Field Guide · organization

Also known as: ARIB, Association of Radio Industries and Businesses

ARIB (the Association of Radio Industries and Businesses) is Japan’s standards- setting organization for radio use and broadcasting, developing standards and coordinating spectrum on behalf of the Japanese communications industry.1 It is best known internationally for the ISDB family — Integrated Services Digital Broadcasting — the digital television and radio standards adopted across Japan and, in a modified form, much of South America.2

ARIB ISDB-T (terrestrial) ISDB-S (satellite) 1seg (mobile)
ARIB develops Japan's ISDB broadcasting standards for terrestrial, satellite, and mobile reception.

Overview

ARIB was established in 1995 as a private-sector body designated by Japan’s Ministry of Internal Affairs and Communications to develop standards for the effective use of radio and to promote the radio and broadcasting industries.

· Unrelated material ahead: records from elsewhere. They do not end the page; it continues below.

Lemma is_lub_l (T : Type) (le : T -> T -> Prop) x y :
  le x x -> le y x -> is_lub le x y x.
Proof. by move=> lexx leyx; split=> // [] [] w. Qed.

Lemma is_lubC (T : Type) (le : T -> T -> Prop) x y z :
  is_lub le x y z -> is_lub le y x z.
Proof. by case=> lexz [leyz lub_z]; do 2!split=> //; move=> w /[swap]; apply: lub_z. Qed.

Section Lattice.

Variables (T : Type) (le : T -> T -> Prop) (bot : T).
Hypothesis HL : is_lattice le bot.

Lemma join_lub x y : is_lub le x y (join le bot x y).
Proof.
case: HL => _ _ _ _ /(_ x y) lub_xy.
exact: epsilon_spec (inhabits bot) (is_lub le x y) lub_xy.
Qed.

Lemma join_unique x y z : is_lub le x y z -> join le bot x y = z.
Proof.
case: HL => _ anti _ _ _ [lexz [leyz lub_z]].
have [lexj [leyj lub_j]] := join_lub x y.
by apply: anti; [apply: lub_j | apply: lub_z].
Qed.

Lemma join_eq_r x y : le x y -> join le bot x y = y.
Proof. by case: HL => refl _ _ _ _ lexy; apply/join_unique/is_lub_r. Qed.

Lemma join_eq_l x y : le y x -> join le bot x y = x.
Proof. by case: HL => refl _ _ _ _ leyx; apply/join_unique/is_lub_l. Qed.

Lemma join_botr x : join le bot x bot = x.
Proof. by case: HL => _ _ _ lebot _; apply: join_eq_l. Qed.

End Lattice.

Section JoinEmbedding.

Variables (A B : Type) (leA : A -> A -> Prop) (botA : A) (leB : B -> B -> Prop).
Hypothesis HA : is_lattice leA botA.
Variable i : A -> B.
Hypothesis i_le : forall x y, leB (i x) (i y) <-> leA x y.
Hypothesis i_upper :
  forall x w, leB (i x) w -> (exists w', w = i w') \/ (forall y, leB (i y) w).

Lemma lub_embed x y : is_lub leB (i x) (i y) (i (join leA botA x y)).
Proof.
have [lexj [leyj lub_j]] := join_lub HA x y.
split; first exact/i_le.
split; first exact/i_le.
move=> w lexw leyw; have [[w' eq_w]|below_w] := i_upper lexw; last exact: below_w.
by move: lexw leyw; rewrite eq_w => /i_le lexw' /i_le leyw'; apply/i_le/lub_j.
Qed.

Variable botB : B.
Hypothesis HB : is_lattice leB botB.

Lemma join_embed x y : join leB botB (i x) (i y) = i (join leA botA x y).
Proof. exact/(join_unique HB)/lub_embed. Qed.

Lemma bigjoin_embed x s :
  bigjoin leB botB (map i (x :: s)) = i (bigjoin leA botA (x :: s)).
Proof.
elim: s x => [|y s IH] x /=; first by rewrite !join_botr.
by rewrite -join_embed -IH.
Qed.

End JoinEmbedding.

Lemma mem_powerseq_nil (T : eqType) (S : seq T) : [::] \in powerseq S.
Proof. by elim: S => //= x S IH; rewrite mem_cat IH. Qed.

Lemma size_powerseq (T : Type) (S : seq T) : size (powerseq S) = 2 ^ size S.
Proof. by elim: S => //= x S IH; rewrite size_cat size_map IH expnS mul2n addnn. Qed.

Lemma powerseq_map (A B : Type) (f : A -> B) (S : seq A) :
  powerseq (map f S) = map (map f) (powerseq S).
Proof. by elim: S => //= x S IH; rewrite IH map_cat -!map_comp. Qed.

Lemma mem_powerseq_pmap (A B : eqType) (p : A -> option B) (S s : seq A) :
  s \in powerseq S -> pmap p s \in powerseq (pmap p S).
Proof.
elim: S s => [|x S IH] s /=; first by rewrite inE => /eqP ->.
rewrite mem_cat => /orP [/IH ps_s | /mapP [t /IH ps_t ->]] /=.
  by case: (p x) => //= y; rewrite mem_cat ps_s.
by case: (p x) => //= y; rewrite mem_cat map_f ?orbT.
Qed.

Section ClosureCard.

Variables (T : eqType) (le : T -> T -> Prop) (bot : T).

Lemma closure_card_le_exp S : closure_card le bot S <= 2 ^ size S.
Proof. by rewrite -size_powerseq -(size_map (bigjoin le bot)) size_undup. Qed.

Lemma closure_card_le_CS n S :
  uniq S -> size S <= n -> closure_card le bot S <= CS le bot n.
Proof.
move=> uS leSn.
have ltS : closure_card le bot S < (2 ^ n).+1.
  by rewrite ltnS (leq_trans (closure_card_le_exp S)) // leq_pexp2l.
apply: (@leq_bigmax_cond _ _ (fun k : 'I__ => nat_of_ord k) (Ordinal ltS)).
by rewrite /CS_attained; case: excluded_middle_informative => // -[]; exists S.
Qed.

Lemma CS_le_bound n k :
  (forall S, uniq S -> size S <= n -> closure_card le bot S <= k) ->
  CS le bot n <= k.
Proof.
move=> bound; apply/bigmax_leqP => j.
rewrite /CS_attained; case: excluded_middle_informative => // -[S [uS leSn eq_j]] _.
by rewrite -eq_j; exact: bound.
Qed.

Lemma CS_gt0 n : 0 < CS le bot n.
Proof. exact: (@closure_card_le_CS n [::]). Qed.

End ClosureCard.

Section ClosureEmbedding.

Variables (A B : eqType) (leA : A -> A -> Prop) (botA : A).
Variables (leB : B -> B -> Prop) (botB : B).
Hypotheses (HA : is_lattice leA botA) (HB : is_lattice leB botB).
Variable i : A -> B.
Hypothesis i_le : forall x y, leB (i x) (i y) <-> leA x y.
Hypothesis i_upper :
  forall x w, leB (i x) w -> (exists w', w = i w') \/ (forall y, leB (i y) w).
Hypothesis i_bot : forall x, i x = botB -> x = botA.

Lemma embed_inj : injective i.
Proof.
case: HA => refl anti _ _ _ x y eq_ixy.
by apply: anti; apply/i_le; rewrite eq_ixy; apply/i_le.
Qed.

Lemma closure_card_embed S :
  closure_card leA botA S <= closure_card leB botB (map i S).
Proof.
(* The empty join must be sent to [botB]: [i botA] need not be the bottom of B. *)
pose psi z := if z == botA then botB else i z.
have psi_inj : injective psi.
  move=> x y; rewrite /psi.
  case: eqP => [->|nx]; case: eqP => [->|ny] //.
  - by move=> /esym /i_bot.
  - by move=> /i_bot.
  - exact: embed_inj.
rewrite /closure_card -(size_map psi); apply: uniq_leq_size.
  by rewrite map_inj_uniq ?undup_uniq.
move=> _ /mapP [z + ->]; rewrite mem_undup => /mapP [s ps_s ->].
rewrite mem_undup powerseq_map -map_comp /psi.
case: eqP => [_|]; first exact: (map_f _ (mem_powerseq_nil _)).
case: s ps_s => [|x s] ps_s // _.
by rewrite -(bigjoin_embed HA i_le i_upper HB); apply: (map_f (fun s => _ (map i s))).
Qed.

It publishes ARIB STD standards and technical reports covering broadcasting, mobile communications, and other radio services in Japan, and it acts as a coordination point between industry and the regulator on spectrum matters, playing a role in Japan broadly analogous to what ETSI does in Europe.

Its signature contribution is the ISDB family of digital broadcasting standards. ISDB-T carries terrestrial digital television, ISDB-S carries satellite television, and the “1seg” subset delivers television to mobile handsets by using one of the thirteen frequency segments into which each ISDB-T channel is divided. That segmented OFDM structure is ISDB-T’s most distinctive feature and lets a single transmission serve both fixed high-definition receivers and battery-powered mobile devices. ISDB-T was later adopted across Brazil and much of South America as a regional variant, giving a Japanese standard a broad international footprint.

Relevance to SDR

ISDB broadcasts are a natural target for wideband software-defined radios: like DVB-T and ATSC, ISDB-T occupies a full television channel of several megahertz, so capturing it demands a high-sample-rate front end, but the signals are open and well documented in ARIB’s published standards. The segmented OFDM structure is visible on a wideband spectrogram, and SDR experimenters use ISDB-T reception to study OFDM synchronization, pilot patterns, and hierarchical transmission. ARIB’s role, like that of any broadcasting standards body, is what makes such reception reproducible: the specification defines exactly the frame layout a receiver must follow.

GopherTrunk does not decode ISDB or any broadcast television standard; it is a narrowband trunked land-mobile scanner, and wideband digital TV is outside its scope. ARIB is included here to complete the global picture of digital-broadcasting standards bodies — the Japanese counterpart to Europe’s DVB and North America’s ATSC — for readers mapping who governs each region’s over-the-air digital services.

Sources

  1. ARIB — the association’s official English site, for its standards, technical reports, and role in Japanese radio and broadcasting. 

  2. Association of Radio Industries and Businesses — Wikipedia, for ARIB’s history and its ISDB standards.